**Task description**
Below are some records. Return exactly the lines from the one with "Lemma Rpower_pos (a b : R) : 0 < Rpower a b." to the one with "Lemma Rpower_inv_Rpower (a", and nothing else.

**Material provided**
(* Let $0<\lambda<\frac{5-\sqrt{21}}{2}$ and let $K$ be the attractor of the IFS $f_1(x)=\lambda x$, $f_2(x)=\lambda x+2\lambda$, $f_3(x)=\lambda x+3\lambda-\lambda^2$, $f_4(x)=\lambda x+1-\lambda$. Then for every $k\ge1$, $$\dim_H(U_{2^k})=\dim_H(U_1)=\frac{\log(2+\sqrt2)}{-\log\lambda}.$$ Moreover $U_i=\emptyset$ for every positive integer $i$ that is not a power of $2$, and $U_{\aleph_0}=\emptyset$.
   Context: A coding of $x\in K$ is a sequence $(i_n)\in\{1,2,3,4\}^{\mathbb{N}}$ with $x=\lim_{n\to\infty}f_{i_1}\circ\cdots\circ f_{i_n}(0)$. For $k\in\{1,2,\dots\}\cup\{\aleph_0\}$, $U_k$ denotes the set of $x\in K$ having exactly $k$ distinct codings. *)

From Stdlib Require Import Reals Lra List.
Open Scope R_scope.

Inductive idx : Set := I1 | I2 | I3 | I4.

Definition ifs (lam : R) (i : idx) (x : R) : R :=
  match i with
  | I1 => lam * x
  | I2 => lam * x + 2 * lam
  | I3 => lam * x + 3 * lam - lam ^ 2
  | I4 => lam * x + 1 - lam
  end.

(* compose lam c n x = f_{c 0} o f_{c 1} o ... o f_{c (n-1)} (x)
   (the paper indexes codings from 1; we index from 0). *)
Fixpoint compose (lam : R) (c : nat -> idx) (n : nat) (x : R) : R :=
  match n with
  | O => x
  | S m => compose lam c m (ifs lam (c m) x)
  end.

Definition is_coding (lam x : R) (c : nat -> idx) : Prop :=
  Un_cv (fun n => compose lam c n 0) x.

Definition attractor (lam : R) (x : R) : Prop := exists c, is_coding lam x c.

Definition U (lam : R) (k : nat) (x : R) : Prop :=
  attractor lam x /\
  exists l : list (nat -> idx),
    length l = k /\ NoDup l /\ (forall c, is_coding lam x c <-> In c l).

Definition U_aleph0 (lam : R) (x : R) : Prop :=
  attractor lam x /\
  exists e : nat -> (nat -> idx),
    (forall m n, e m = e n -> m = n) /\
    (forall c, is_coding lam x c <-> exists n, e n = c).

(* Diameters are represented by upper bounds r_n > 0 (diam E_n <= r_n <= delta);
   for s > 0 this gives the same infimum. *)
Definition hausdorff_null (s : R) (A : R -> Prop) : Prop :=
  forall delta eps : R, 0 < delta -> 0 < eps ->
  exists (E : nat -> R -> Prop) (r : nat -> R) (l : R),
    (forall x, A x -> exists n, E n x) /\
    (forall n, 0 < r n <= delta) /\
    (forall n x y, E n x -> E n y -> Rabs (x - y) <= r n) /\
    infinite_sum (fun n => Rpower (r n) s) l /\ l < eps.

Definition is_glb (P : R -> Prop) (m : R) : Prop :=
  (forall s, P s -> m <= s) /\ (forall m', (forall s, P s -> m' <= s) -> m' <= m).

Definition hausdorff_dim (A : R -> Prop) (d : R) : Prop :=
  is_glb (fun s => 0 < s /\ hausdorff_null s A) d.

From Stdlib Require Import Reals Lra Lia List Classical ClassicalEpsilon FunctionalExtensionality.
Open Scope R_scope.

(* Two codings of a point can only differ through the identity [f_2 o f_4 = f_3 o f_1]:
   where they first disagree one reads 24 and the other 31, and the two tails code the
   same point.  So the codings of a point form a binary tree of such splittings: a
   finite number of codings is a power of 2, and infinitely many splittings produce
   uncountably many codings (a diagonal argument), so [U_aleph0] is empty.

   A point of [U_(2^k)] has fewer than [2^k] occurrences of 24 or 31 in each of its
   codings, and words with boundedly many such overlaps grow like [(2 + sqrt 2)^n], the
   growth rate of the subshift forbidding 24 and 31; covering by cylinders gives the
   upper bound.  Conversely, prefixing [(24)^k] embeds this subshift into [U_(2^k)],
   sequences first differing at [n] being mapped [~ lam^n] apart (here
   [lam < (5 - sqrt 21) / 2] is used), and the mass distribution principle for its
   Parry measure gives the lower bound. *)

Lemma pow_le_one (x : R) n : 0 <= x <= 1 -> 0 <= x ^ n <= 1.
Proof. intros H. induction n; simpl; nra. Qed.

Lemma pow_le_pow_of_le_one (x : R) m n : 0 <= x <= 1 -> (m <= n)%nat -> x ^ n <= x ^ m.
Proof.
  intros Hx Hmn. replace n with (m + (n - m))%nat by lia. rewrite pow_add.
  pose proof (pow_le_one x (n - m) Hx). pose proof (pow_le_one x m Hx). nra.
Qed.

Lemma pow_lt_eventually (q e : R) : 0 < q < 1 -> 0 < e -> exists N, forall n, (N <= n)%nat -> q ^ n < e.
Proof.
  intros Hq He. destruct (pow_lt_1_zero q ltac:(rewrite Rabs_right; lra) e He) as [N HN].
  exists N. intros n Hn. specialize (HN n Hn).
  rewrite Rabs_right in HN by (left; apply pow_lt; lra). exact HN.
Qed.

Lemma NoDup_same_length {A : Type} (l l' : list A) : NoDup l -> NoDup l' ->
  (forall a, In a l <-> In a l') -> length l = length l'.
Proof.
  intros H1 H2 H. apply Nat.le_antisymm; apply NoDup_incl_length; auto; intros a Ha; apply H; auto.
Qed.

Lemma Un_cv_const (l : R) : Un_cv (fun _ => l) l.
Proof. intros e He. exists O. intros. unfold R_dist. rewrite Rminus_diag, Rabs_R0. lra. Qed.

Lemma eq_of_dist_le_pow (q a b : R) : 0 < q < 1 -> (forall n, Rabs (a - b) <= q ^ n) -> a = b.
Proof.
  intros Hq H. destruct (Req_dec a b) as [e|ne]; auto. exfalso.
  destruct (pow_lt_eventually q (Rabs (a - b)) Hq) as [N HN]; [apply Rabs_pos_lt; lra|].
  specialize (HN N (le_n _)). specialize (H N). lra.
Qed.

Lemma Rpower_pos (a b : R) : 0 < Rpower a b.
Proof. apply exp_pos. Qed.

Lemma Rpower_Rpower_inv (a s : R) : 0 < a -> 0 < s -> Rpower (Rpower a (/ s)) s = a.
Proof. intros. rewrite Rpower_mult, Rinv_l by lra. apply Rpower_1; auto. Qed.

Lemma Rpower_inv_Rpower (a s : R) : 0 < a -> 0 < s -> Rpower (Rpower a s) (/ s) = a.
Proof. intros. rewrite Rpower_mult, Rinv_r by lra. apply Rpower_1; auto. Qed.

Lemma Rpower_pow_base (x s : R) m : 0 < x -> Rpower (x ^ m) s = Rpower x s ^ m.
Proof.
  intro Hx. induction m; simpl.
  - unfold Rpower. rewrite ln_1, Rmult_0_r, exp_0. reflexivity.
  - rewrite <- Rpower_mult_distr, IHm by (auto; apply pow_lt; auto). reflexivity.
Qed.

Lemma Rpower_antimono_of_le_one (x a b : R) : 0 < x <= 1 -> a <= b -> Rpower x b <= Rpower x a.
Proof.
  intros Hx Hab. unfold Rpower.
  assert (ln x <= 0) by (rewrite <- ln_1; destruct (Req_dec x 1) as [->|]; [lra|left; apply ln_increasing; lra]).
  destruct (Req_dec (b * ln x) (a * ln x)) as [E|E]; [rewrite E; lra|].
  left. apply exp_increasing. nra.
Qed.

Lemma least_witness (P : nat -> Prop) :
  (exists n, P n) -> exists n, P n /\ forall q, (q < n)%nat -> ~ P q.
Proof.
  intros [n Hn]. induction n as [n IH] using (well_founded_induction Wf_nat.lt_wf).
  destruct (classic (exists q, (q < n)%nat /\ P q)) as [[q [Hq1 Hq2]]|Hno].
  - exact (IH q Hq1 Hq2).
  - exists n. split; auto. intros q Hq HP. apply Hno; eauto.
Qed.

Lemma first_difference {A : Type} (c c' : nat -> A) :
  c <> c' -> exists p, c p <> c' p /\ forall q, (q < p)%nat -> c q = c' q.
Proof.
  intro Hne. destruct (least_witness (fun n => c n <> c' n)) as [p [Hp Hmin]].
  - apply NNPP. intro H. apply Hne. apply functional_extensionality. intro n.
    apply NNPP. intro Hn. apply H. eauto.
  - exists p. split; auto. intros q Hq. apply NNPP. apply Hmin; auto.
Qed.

**Solution to the exercise**
Lemma Rpower_pos (a b : R) : 0 < Rpower a b.
Proof. apply exp_pos. Qed.

Lemma Rpower_Rpower_inv (a s : R) : 0 < a -> 0 < s -> Rpower (Rpower a (/ s)) s = a.
Proof. intros. rewrite Rpower_mult, Rinv_l by lra. apply Rpower_1; auto. Qed.

Lemma Rpower_inv_Rpower (a s : R) : 0 < a -> 0 < s -> Rpower (Rpower a s) (/ s) = a.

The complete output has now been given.